Fed up of campsites and enjoying good food, I am treating myself to a gastronomic Easter weekend. 

Thursday night, the Royal Oak, Paley Street. Between Maidenhead and Bracknell, a michelin starred restaurant, owned by Michael Parkinson, I enjoyed a superb meal, and stayed in the car park with their blessing. Right by a field for dog walking. 

Friday night, the 'menu exceptionelle' (tasting menu) at the Waterside Inn, Bray. Stayed outside, next to the Thames. Excellent food, a doggie bag of roast duck, and a gift from them off freshly cooked croissant and pain au chocolat for my breakfast in the van - 'so you can enjoy what our hotel guests will be having'. V generous - although dinner for 3 was over six hundred pounds!

Tonight, Aubergine at the Compleat Angler in Marlow. Have been parked up in the corner of their overflow carpark all day - so far no problem. Right next to the weir, the noise of which completely drowns out the noise of my generator!

Tomorrow, Le Manoir.


----------



## Glandwr (Jun 12, 2006)

No Fat Duck?


----------



## Grizzly (May 9, 2005)

What a wonderful idea ! A bit out of our price range but, what is impressive, is that they let you overnight in their car park and don't come over all stand-offish. Good for them.

Enjoy Le Manoir. Everyone I know whose been speaks very highly of it for the relaxed and friendly atmosphere as much as the food. 

Make sure you're back from the edge tonight: the Thames is running v. high here !

G


----------



## aldra (Jul 2, 2009)

Good for you Heather

I wish I could free myself to spend £600 on a meal for 3 but I just can not

old habits and constraints die hard 8O

My kids can though 

you go for it and enjoy a fabulous way to spend your Easter break

Aldra


----------



## HeatherChloe (Oct 18, 2009)

Glandwr said:


> No Fat Duck?


I phoned the Fat Duck in February and they laughed at me on the phone at the idea that I wanted a table for any day in April.


----------



## HeatherChloe (Oct 18, 2009)

aldra said:


> I wish I could free myself to spend £600 on a meal for 3


To be fair, I only paid £200 for my bit - the set menu was £147 a head prior to champagne, wine, dessert wine, mineral water and service charge - so it was always going to come out around that much.
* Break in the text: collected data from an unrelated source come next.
Lemma mxeval_comm k (A : 'M[K]_k) (p q : {poly K}) :
  mxeval A p *m mxeval A q = mxeval A q *m mxeval A p.
Proof.
case: k A => [|k] A; first by rewrite [LHS]flatmx0 [RHS]flatmx0.
by rewrite !mxeval_horner; apply: comm_horner_mx2.
Qed.

Lemma mxeval_scalar (z : K) (p : {poly K}) : mxeval (z%:M : 'M[K]_1) p = p.[z]%:M.
Proof.
rewrite /mxeval horner_coef raddf_sum /=; apply: eq_bigr => i _.
rewrite -scale_scalar_mx; congr (_ *: _).
by elim: (val i) => [|j IHj]; rewrite ?expr0 // mxpowS IHj -scalar_mxM exprS.
Qed.

(* (q(z) - q(w)) / (z - w) with the powers w^a replaced by the moments s a. *)
Definition divdiff_poly (q : {poly K}) (s : nat -> K) : {poly K} :=
  \sum_(i < size q) q`_i *: \sum_(a < i) s a *: 'X^(i.-1 - a).

Lemma mxeval_divdiff_poly k (A : 'M[K]_k) q s :
  mxeval A (divdiff_poly q s) =
  \sum_(i < size q) q`_i *: \sum_(a < i) s a *: mxpow A (i.-1 - a).
Proof.
rewrite linear_sum; apply: eq_bigr => i _; rewrite linearZ linear_sum /=.
by congr (_ *: _); apply: eq_bigr => a _; rewrite linearZ /= mxevalXn.
Qed.

Definition resolvent_num m (l : 'rV[K]_m) (M : 'M[K]_m) : {poly K} :=
  divdiff_poly (char_poly M) (fun a => (l *m mxpow M a *m l^T) 0 0).

Lemma mxpow_sylvester p m (A : 'M[K]_p) (X : 'M[K]_(p, m)) (v : 'cV[K]_p)
    (l : 'rV[K]_m) (M : 'M[K]_m) :
  A *m X = v *m l + X *m M -> forall i,
  mxpow A i *m X =
  \sum_(a < i) mxpow A (i.-1 - a) *m v *m l *m mxpow M a + X *m mxpow M i.
Proof.
move=> sylvX; elim=> [|i IHi]; first by rewrite big_ord0 add0r mul1mx mulmx1.
rewrite mxpowSr -mulmxA sylvX mulmxDr mulmxA mulmxA -(mulmxA (mxpow A i)) IHi.
rewrite mulmxDl mulmx_suml -mulmxA -mxpowSr big_ord_recl /= subn0 addrA.
congr (_ + _); rewrite mulmxA mulmx1; congr (_ + _); apply: eq_bigr => a _.
rewrite add0n -mxpowS mxpowSr !mulmxA; congr (mxpow A _ *m _ *m _ *m _ *m _).
by rewrite /bump /=; lia.
Qed.

(* The Cayley-Hamilton theorem for [M] kills the term [X *m mxpow M i]. *)
Lemma resolvent_num_sylvester p m (A : 'M[K]_p) (X : 'M[K]_(p, m))
    (v : 'cV[K]_p) (l : 'rV[K]_m) (M : 'M[K]_m) :
  A *m X = v *m l + X *m M ->
  mxeval A (char_poly M) *m X *m l^T = mxeval A (resolvent_num l M) *m v.
Proof.
move=> sylvX; set q := char_poly M.
have -> : mxeval A q *m X =
    \sum_(i < size q) q`_i *: \sum_(a < i) mxpow A (i.-1 - a) *m v *m l *m mxpow M a.
  rewrite /mxeval mulmx_suml.
  under eq_bigr do rewrite -scalemxAl (mxpow_sylvester sylvX) scalerDr.
  rewrite big_split /=.
  have -> : \sum_(i < size q) q`_i *: (X *m mxpow M i) = X *m mxeval M q.
    by rewrite /mxeval mulmx_sumr; apply: eq_bigr => i _; rewrite scalemxAr.
  by rewrite mxeval_char_poly mulmx0 addr0.
rewrite mxeval_divdiff_poly !mulmx_suml; apply: eq_bigr => i _.
rewrite -!scalemxAl !mulmx_suml; congr (_ *: _); apply: eq_bigr => a _.
rewrite -scalemxAl -!mulmxA (mulmxA l) scalemxAr; congr (_ *m _).
by rewrite {1}[l *m _ *m _]mx11_scalar mul_mx_scalar.
Qed.
(* Let $n>d$ be positive integers, $\alpha\in(0,1)$, $\hat\theta\in\mathbb{R}$, $\hat\sigma\in(0,\infty)$ fixed, and $\hat\theta_L=\hat\theta-t_{n-d,1-\alpha/2}\hat\sigma/\sqrt n$, $\hat\theta_U=\hat\theta+t_{n-d,1-\alpha/2}\hat\sigma/\sqrt n$. Then, as $m\to\infty$, $$1-\Phi\big(\sqrt{m/n}\,\delta_U(c)\big)\to\begin{cases}1 & c<\hat\theta_L,\\ 1/2 & c=\hat\theta_L,\\ 0 & c>\hat\theta_L,\end{cases}\qquad 1-\Phi\big(\sqrt{m/n}\,\delta_L(c)\big)\to\begin{cases}1 & c<\hat\theta_U,\\ 1/2 & c=\hat\theta_U,\\ 0 & c>\hat\theta_U.\end{cases}$$
   Context: $\Phi$ is the standard normal CDF. For $\nu>0$, $\delta\in\mathbb{R}$, $F_{\nu,\delta}$ is the CDF of the noncentral $t$-distribution with $\nu$ degrees of freedom and noncentrality $\delta$, and $t_{\nu,p}=F_{\nu,0}^{-1}(p)$. For a cutoff $c\in\mathbb{R}$ let $q(c)=\sqrt n\,(c-\hat\theta)/\hat\sigma$, and let $\delta_L(c),\delta_U(c)$ be the unique reals with $F_{n-d,\delta_L(c)}(q(c))=1-\alpha/2$ and $F_{n-d,\delta_U(c)}(q(c))=\alpha/2$. *)

From Stdlib Require Import Reals Lra ClassicalEpsilon.
Open Scope R_scope.

Definition is_RInt (f : R -> R) (a b l : R) : Prop :=
  exists pr : Riemann_integrable f a b, RiemannInt pr = l.

(* The Riemann integral (chosen value; well defined when f is integrable). *)
Definition RInt (f : R -> R) (a b : R) : R :=
  epsilon (inhabits 0) (fun l => is_RInt f a b l).

Definition is_RInt_0_infty (f : R -> R) (l : R) : Prop :=
  forall eps, 0 < eps -> exists M, forall b, M <= b ->
    exists l', is_RInt f 0 b l' /\ Rabs (l' - l) < eps.

Definition RInt_0_infty (f : R -> R) : R :=
  epsilon (inhabits 0) (fun l => is_RInt_0_infty f l).

Definition Phi (z : R) : R :=
  / 2 + / sqrt (2 * PI) * RInt (fun t => exp (- (t ^ 2) / 2)) 0 z.

Definition chi_weight (nu : nat) (s : R) : R := s ^ (nu - 1) * exp (- (s ^ 2) / 2).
But, if I compare it to a campsite charging me £25 to stay next to the Thames and then providing me with breakfast that could easily have cost me £10, then one could argue that a tasting menu at a two michelin star restaurant only really cost me £165, which is actually rather wonderful.

Chloe loved the slipway and we felt very welcome.


----------



## HeatherChloe (Oct 18, 2009)

Grizzly said:


> what is impressive, is that they let you overnight in their car park and don't come over all stand-offish. Good for them.
> 
> G


Well, on the way out tonight, I explained I had had too much to drink and would probably not drive home tonight and did I need to tell anyone? Answer was - if I were in the overflow carpark, really no problem,

So, I have a fabulous spot right on the Thames, no probs.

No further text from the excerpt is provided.